Campaign Recruits Black Faith Leaders in Battling the HIV Epidemic

Rev. William Francis

Over a 100  Los Angeles area churches join effort to position HIV as a social justice issue.

An initiative called The Black Church & HIV is offering church leaders a new strategy on how to handle the disproportionate number of HIV cases in the black community: turning the conversation into a social justice issue.

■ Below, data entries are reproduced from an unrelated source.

(* Let $G$ be an innately transitive permutation group on a finite set $\Omega$ with a nonabelian plinth $M=T_1\times\cdots\times T_k$, where $T_1,\ldots,T_k$ are the (pairwise isomorphic, nonabelian) simple normal subgroups of $M$, and let $\sigma_i:M\to T_i$ be the $i$-th projection. Let $\omega\in\Omega$ and let $\{K_1,\ldots,K_\ell\}$ be a Cartesian system of subgroups in $M$ with respect to $\omega$. Then for all $i\in\{1,\ldots,k\}$ and all $j\in\{1,\ldots,\ell\}$, $$T_i=\sigma_i(K_j)\Bigl(\bigcap_{m\ne j}\sigma_i(K_m)\Bigr).$$
   Context: A finite permutation group is innately transitive if it has a transitive minimal normal subgroup, called a plinth. If $G$ is innately transitive on $\Omega$ with plinth $M$ and $\omega\in\Omega$, a Cartesian system of subgroups in $M$ with respect to $\omega$ is a set $\{K_1,\ldots,K_\ell\}$ of subgroups of $M$ which is invariant under conjugation by $G_\omega$ and satisfies (i) $\bigcap_{i=1}^\ell K_i=M_\omega$ and (ii) $K_i\bigl(\bigcap_{j\ne i}K_j\bigr)=M$ for all $i$ (an empty intersection being $M$). *)

From mathcomp Require Import all_boot all_fingroup all_solvable.
Set Implicit Arguments. Unset Strict Implicit. Unset Printing Implicit Defensive.
Local Open Scope group_scope.

(* For M = T_0 x ... x T_(k-1) (internal direct product), the i-th projection
   sigma_i : M -> T_i sends x = t_0 * ... * t_(k-1) to t_i. *)
Definition dproj (gT : finGroupType) (k : nat) (T : 'I_k -> {group gT})
  (i : 'I_k) (x : gT) : gT :=
  divgr (T i) (\prod_(j < k | j != i) T j) x.

(* A Cartesian system factorises M as K_j * (M ∩ ⋂_{m<>j} K_m), and the
   projection sigma_i : M -> T_i is a surjective homomorphism; pushing the
   factorisation through sigma_i gives T_i = sigma_i(K_j) * sigma_i(⋂ K_m), and
   the image of an intersection lies in the intersection of the images. *)

From mathcomp Require Import all_boot all_fingroup all_solvable.

Set Implicit Arguments.
Unset Strict Implicit.
Unset Printing Implicit Defensive.

Local Open Scope group_scope.

Section MorphimFactorisation.

Variables (aT rT : finGroupType) (D : {group aT}) (f : {morphism D >-> rT}).

Lemma morphim_mul_bigcap (I : finType) (P : pred I) (H : I -> {set aT})
    (K : {group aT}) :
  K \subset D -> K * (D :&: \bigcap_(j | P j) H j) = D ->
  f @* D = f @* K * (f @* D :&: \bigcap_(j | P j) f @* H j).
Proof.
move=> sKD defD; apply/eqP; rewrite eqEsubset.
rewrite mul_subG ?morphimS ?subsetIl // andbT.
have {1}-> : f @* D = f @* (K * (D :&: \bigcap_(j | P j) H j)) by rewrite defD.
rewrite morphimMl // mulgS // subsetI morphimS ?subsetIl //=.
apply/bigcapsP=> j Pj; apply: morphimS.
exact: subset_trans (subsetIr _ _) (bigcap_inf j Pj).
Qed.

End MorphimFactorisation.

Section DirectProductProjection.

Variables (gT : finGroupType) (k : nat) (T : 'I_k -> {group gT}).
Variables (M : {group gT}) (i : 'I_k).
Hypothesis defM : \big[dprod/1]_(j < k) T j = M.

Lemma dproj_divgr :
  exists2 P : {group gT}, T i \x P = M & dproj T i = divgr (T i) P.
Proof.
move: defM; rewrite (bigD1 i) //= => defM'.
case/dprodP: (defM') => [[_ P _ defP] _ _ _]; rewrite defP in defM'.
by exists P; rewrite // /dproj (bigdprodW defP).
Qed.

Lemma mem_dproj x : x \in M -> dproj T i x \in T i.
Proof.
by have [P /dprodP[_ defTP _ _] ->] := dproj_divgr; rewrite -defTP; apply: mem_divgr.
Qed.

Lemma dproj_id t : t \in T i -> dproj T i t = t.
Proof. by have [P _ ->] := dproj_divgr; apply: divgr_id. Qed.

Lemma dproj_morphM : {in M &, {morph dproj T i : x y / x * y}}.
Proof.
have [P defTP ->] := dproj_divgr; case/dprodP: (defTP) => _ _ cTP _.
by apply: divgrM cTP; apply/complP; case/dprodP: defTP.
Qed.

Canonical dproj_morphism := Morphism dproj_morphM.

Lemma im_dproj : dproj_morphism @* M = T i.
Proof.
have sTM : T i \subset M.
  by have [P /dprodP[_ <- _ _] _] := dproj_divgr; rewrite mulG_subl.
apply/eqP; rewrite eqEsubset; apply/andP; split.
  by apply/subsetP=> _ /morphimP[x Mx _ ->]; apply: mem_dproj.
by apply/subsetP=> t Tt; rewrite -(dproj_id Tt) mem_morphim ?(subsetP sTM).
Qed.

End DirectProductProjection.

Theorem mainTheorem4 (Omega : finType) (G M : {group {perm Omega}}) (k : nat)
  (T : 'I_k -> {group {perm Omega}}) (w : Omega)
  (KS : {set {group {perm Omega}}}) :
  (* G innately transitive with plinth M *)
  minnormal M G ->
  [transitive M, on [set: Omega] | 'P] ->
  (* M nonabelian, M = T_1 x ... x T_k with T_i pairwise isomorphic nonabelian simple *)
  ~~ abelian M ->
  \big[dprod/1]_(i < k) T i = M ->
  (forall i, simple (T i)) ->
  (forall i, ~~ abelian (T i)) ->
  (forall i j, T i \isog T j) ->
  (* KS is a Cartesian system of subgroups in M with respect to w *)
  (forall K, K \in KS -> K \subset M) ->
  (forall g K, g \in 'C_G[w | 'P] -> K \in KS -> (K :^ g)%G \in KS) ->
  \bigcap_(K in KS) gval K = 'C_M[w | 'P] ->
  (forall K, K \in KS -> K * (M :&: \bigcap_(K' in KS | K' != K) gval K') = M) ->
  forall (i : 'I_k) (K : {group {perm Omega}}), K \in KS ->
    T i :=: (dproj T i @: K) *
          (T i :&: \bigcap_(K' in KS | K' != K) (dproj T i @: K')).
Proof.
move=> _ _ _ defM _ _ _ sKM _ _ factorM i K KSK.
set sigma := dproj_morphism i defM.
rewrite -(im_dproj i defM) -(morphimEsub sigma (sKM K KSK)).
under eq_bigr => K' /andP[KSK' _] do rewrite -(morphimEsub sigma (sKM K' KSK')).
exact: morphim_mul_bigcap (sKM K KSK) (factorM K KSK).
Qed.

The Black Church & HIV — a partnership between the National Association for the Advancement of Colored People (NAACP), Gilead Sciences, and the Clinton Global Initiative — recently updated The Pastoral Brief and Activity Manual (both previously published in 2012) aiming to inspire church leaders to preach about HIV by giving detailed information on the virus as well as specific recommendations on activities to combat stigma.

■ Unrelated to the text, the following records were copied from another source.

(* Let $S$ be a finite set, $N\ge1$, $\mathcal X=S^N$, $\mu$ uniform on $\mathcal X$, and let $P$ be a coordinate-replacement kernel $Pf(x)=\frac1N\sum_{i=1}^N\sum_{u\in S}K_i(x_{-i};x_i,u)f(x^{i,u})$, reversible with respect to $\mu$, with a $P$-invariant set $\Omega\subseteq\mathcal X$, $\mu(\Omega)>0$. Let $G\subseteq\Omega$. Suppose there is $\gamma>0$ such that for every coordinate $i$ and every $x_{-i}$ whose $i$-fibre $\{x^{i,u}:u\in S\}$ intersects $G$, the fibre kernel $K_i(x_{-i})$ has spectral gap at least $\gamma$ with respect to the uniform measure on $S$. Then every nonnegative $F:\mathcal X\to\mathbb R$ with $\operatorname{supp}(F)\subseteq G$ satisfies \[ \operatorname{Ent}_\mu(F^2)\le C\frac{N\log|S|}{\gamma}\,\mathcal E_P^\mu(F,F), \] where $C<\infty$ is universal.
   Context: For $x\in S^N$, $x^{i,u}$ is $x$ with coordinate $i$ replaced by $u$, and $x_{-i}=(x_1,\dots,x_{i-1},x_{i+1},\dots,x_N)$. In a coordinate-replacement kernel each $K_i(x_{-i})$ is a Markov kernel on $S$ reversible w.r.t. the uniform measure on $S$. $\Omega$ invariant means $P(x,y)=0$ for $x\in\Omega,y\notin\Omega$. $\operatorname{Ent}_\rho(f^2)=\rho(f^2\log f^2)-\rho(f^2)\log\rho(f^2)$; $\mathcal E^\rho_K(f,f)=\frac12\sum_{x,y}\rho(x)K(x,y)(f(x)-f(y))^2$. The spectral gap of a reversible kernel $K$ with stationary law $\rho$ is $1/C_P$, where $C_P$ is the smallest constant with $\operatorname{Var}_\rho(f)\le C_P\,\mathcal E^\rho_K(f,f)$ for all real $f$. *)

From mathcomp Require Import all_boot all_order all_algebra.
From mathcomp Require Import all_classical all_reals all_analysis.
Set Implicit Arguments. Unset Strict Implicit. Unset Printing Implicit Defensive.
Import Order.TTheory GRing.Theory Num.Theory.
Local Open Scope ring_scope.

Section Defs.
Variable R : realType.

Definition config (S : finType) (N : nat) := {ffun 'I_N -> S}.

Definition repl (S : finType) (N : nat) (x : config S N) (i : 'I_N) (u : S)
  : config S N := [ffun j => if j == i then u else x j].

Definition unif (T : finType) (x : T) : R := (#|T|%:R)^-1.

Definition expect (T : finType) (rho : T -> R) (f : T -> R) : R :=
  \sum_(x : T) rho x * f x.

Definition variance (T : finType) (rho : T -> R) (f : T -> R) : R :=
  expect rho (fun x => (f x - expect rho f) ^+ 2).

Definition xlogx (t : R) : R := if t == 0 then 0 else t * ln t.

Definition entropy (T : finType) (rho : T -> R) (g : T -> R) : R :=
  expect rho (fun x => xlogx (g x)) - xlogx (expect rho g).

Definition dirichlet (T : finType) (rho : T -> R) (K : T -> T -> R)
  (f : T -> R) : R :=
  2^-1 * \sum_(x : T) \sum_(y : T) rho x * K x y * (f x - f y) ^+ 2.

Definition markov_kernel (T : finType) (K : T -> T -> R) : Prop :=
  (forall x y, 0 <= K x y) /\ (forall x, \sum_(y : T) K x y = 1).

Definition reversible (T : finType) (rho : T -> R) (K : T -> T -> R) : Prop :=
  forall x y, rho x * K x y = rho y * K y x.

Definition poincare_const (T : finType) (rho : T -> R) (K : T -> T -> R)
  (C : R) : Prop :=
  forall f : T -> R, variance rho f <= C * dirichlet rho K f.

(* spectral gap = 1/C_P >= gamma (gamma > 0), i.e. C_P <= 1/gamma, i.e. 1/gamma
   is an admissible Poincare constant (C_P being the smallest admissible one). *)
Definition spectral_gap_ge (T : finType) (rho : T -> R) (K : T -> T -> R)
  (gamma : R) : Prop := poincare_const rho K gamma^-1.

Definition coord_kernel (S : finType) (N : nat)
  (K : 'I_N -> config S N -> S -> S -> R) (x y : config S N) : R :=
  (N%:R)^-1 * \sum_(i < N) \sum_(u : S) K i x (x i) u * (y == repl x i u)%:R.

Definition depends_on_rest (S : finType) (N : nat)
  (K : 'I_N -> config S N -> S -> S -> R) : Prop :=
  forall i x w, K i (repl x i w) = K i x.

Definition invariant_set (T : finType) (P : T -> T -> R) (Om : {set T}) : Prop :=
  forall x y, x \in Om -> y \notin Om -> P x y = 0.

End Defs.

(* For f >= 0 on a finite set S with uniform measure, Ent(f^2) <= 18 ln|S| Var(f):
   compare the entropy with the Bregman divergence of t ln t between f^2 and the
   square of the mean of f.  On S^N, averaging out the coordinates one at a time
   telescopes Ent(F^2) into fibre entropies of the partially averaged densities
   h; by Minkowski's inequality the fibre variance of sqrt h can only decrease
   when h is averaged over another coordinate, so the fibre inequality
   tensorizes to Ent(F^2) <= 18 ln|S| sum_i E[Var_i F].  On fibres meeting G the
   spectral gap bounds Var_i F by gamma^-1 times the fibre Dirichlet form, on the
   others F vanishes, and the fibre Dirichlet forms average to N E_P(F,F). *)

From Pilot Require Import Defs.
From mathcomp Require Import all_boot all_order all_algebra.
From mathcomp Require Import all_classical all_reals all_analysis.
From mathcomp Require Import ring lra.
Set Implicit Arguments. Unset Strict Implicit. Unset Printing Implicit Defensive.
Import Order.TTheory GRing.Theory Num.Theory.
Local Open Scope ring_scope.

Section RealInequalities.
Variable R : realType.
Implicit Types x a m n t : R.

Lemma ln_le_subr1 x : 0 < x -> ln x <= x - 1.
Proof.
by move=> x0; have := @le_ln1Dx R (x - 1); rewrite addrCA subrr addr0; apply; lra.
Qed.

Lemma xlogx_ge_tangent m t : 0 <= m -> 0 < t -> m * ln t + m - t <= xlogx m.
Proof.
move=> m0 t0; rewrite /xlogx; have [->|m_neq0] := eqVneq m 0; first by lra.
have mp : 0 < m by rewrite lt_neqAle eq_sym m_neq0.
have := ler_wpM2l (ltW mp) (ln_le_subr1 (divr_gt0 t0 mp)).
rewrite ln_div ?posrE // mulrBr mulrBr mulrCA divff ?gt_eqF // mulr1 mulr1; lra.
Qed.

“The church is a staple of the black community. It’s always been a cornerstone,” Reverend William Francis (pictured above), an ambassador for the initiative, tells Plus. “One thing we wanted to do was to engage faith leaders to preach from the pulpit messages that would reduce stigma and discrimination, and reduce the fear of being tested and [accessing] care. Then we wanted to get them involved in testing, we wanted to get them involved in linkage.”

In 2015, African-Americans accounted for 45 percent of
HIV diagnoses despite blacks only accounting for 12 percent of the United States population, according to the Centers for Disease Control and Prevention. More than half of African-Americans diagnosed with HIV were gay or bisexual men — 38 percent of whom were between the ages 13 and 24.

Still, despite efforts to manage the disproportionate rates of HIV in the black community, many black leaders continue to assess the virus as a gay issue. According to Francis, if we truly want to destigmatize the virus and help reduce cases of HIV, it needs to start on the pulpit.

“I am a pastor, so I know just speaking with colleagues [that] HIV was looked at as a gay disease, or a moral issue, or as some kind of punishment from God; and that made theology very difficult for several pastors,” Francis explains. “But using the social justice framework, it takes all of that off the table and makes you focus on humanity. And once you start focusing on humanity, then we can go ahead and get to work to reduce HIV.”

The Black Church & HIV’s resources offer current statistics and positions on HIV, as well as first-hand stories of how church leaders can preach about the virus being a social justice issue. Since launching the program in 2013, Francis and his colleagues have traveled to nearly 30 cities, speaking with church and community leaders to better understand how they can work together.

“Every church is not going to do testing and condom distribution, but we can do testing at your homeless event with a partnership — say, with a community-based organization or board of health. That reduces HIV, creating safe spaces for those who may have already been diagnosed with HIV, or those newly diagnosed with HIV,” Francis explains. “It creates that sanctuary where they can come for prayer, for support, spiritual care, [and] counseling.”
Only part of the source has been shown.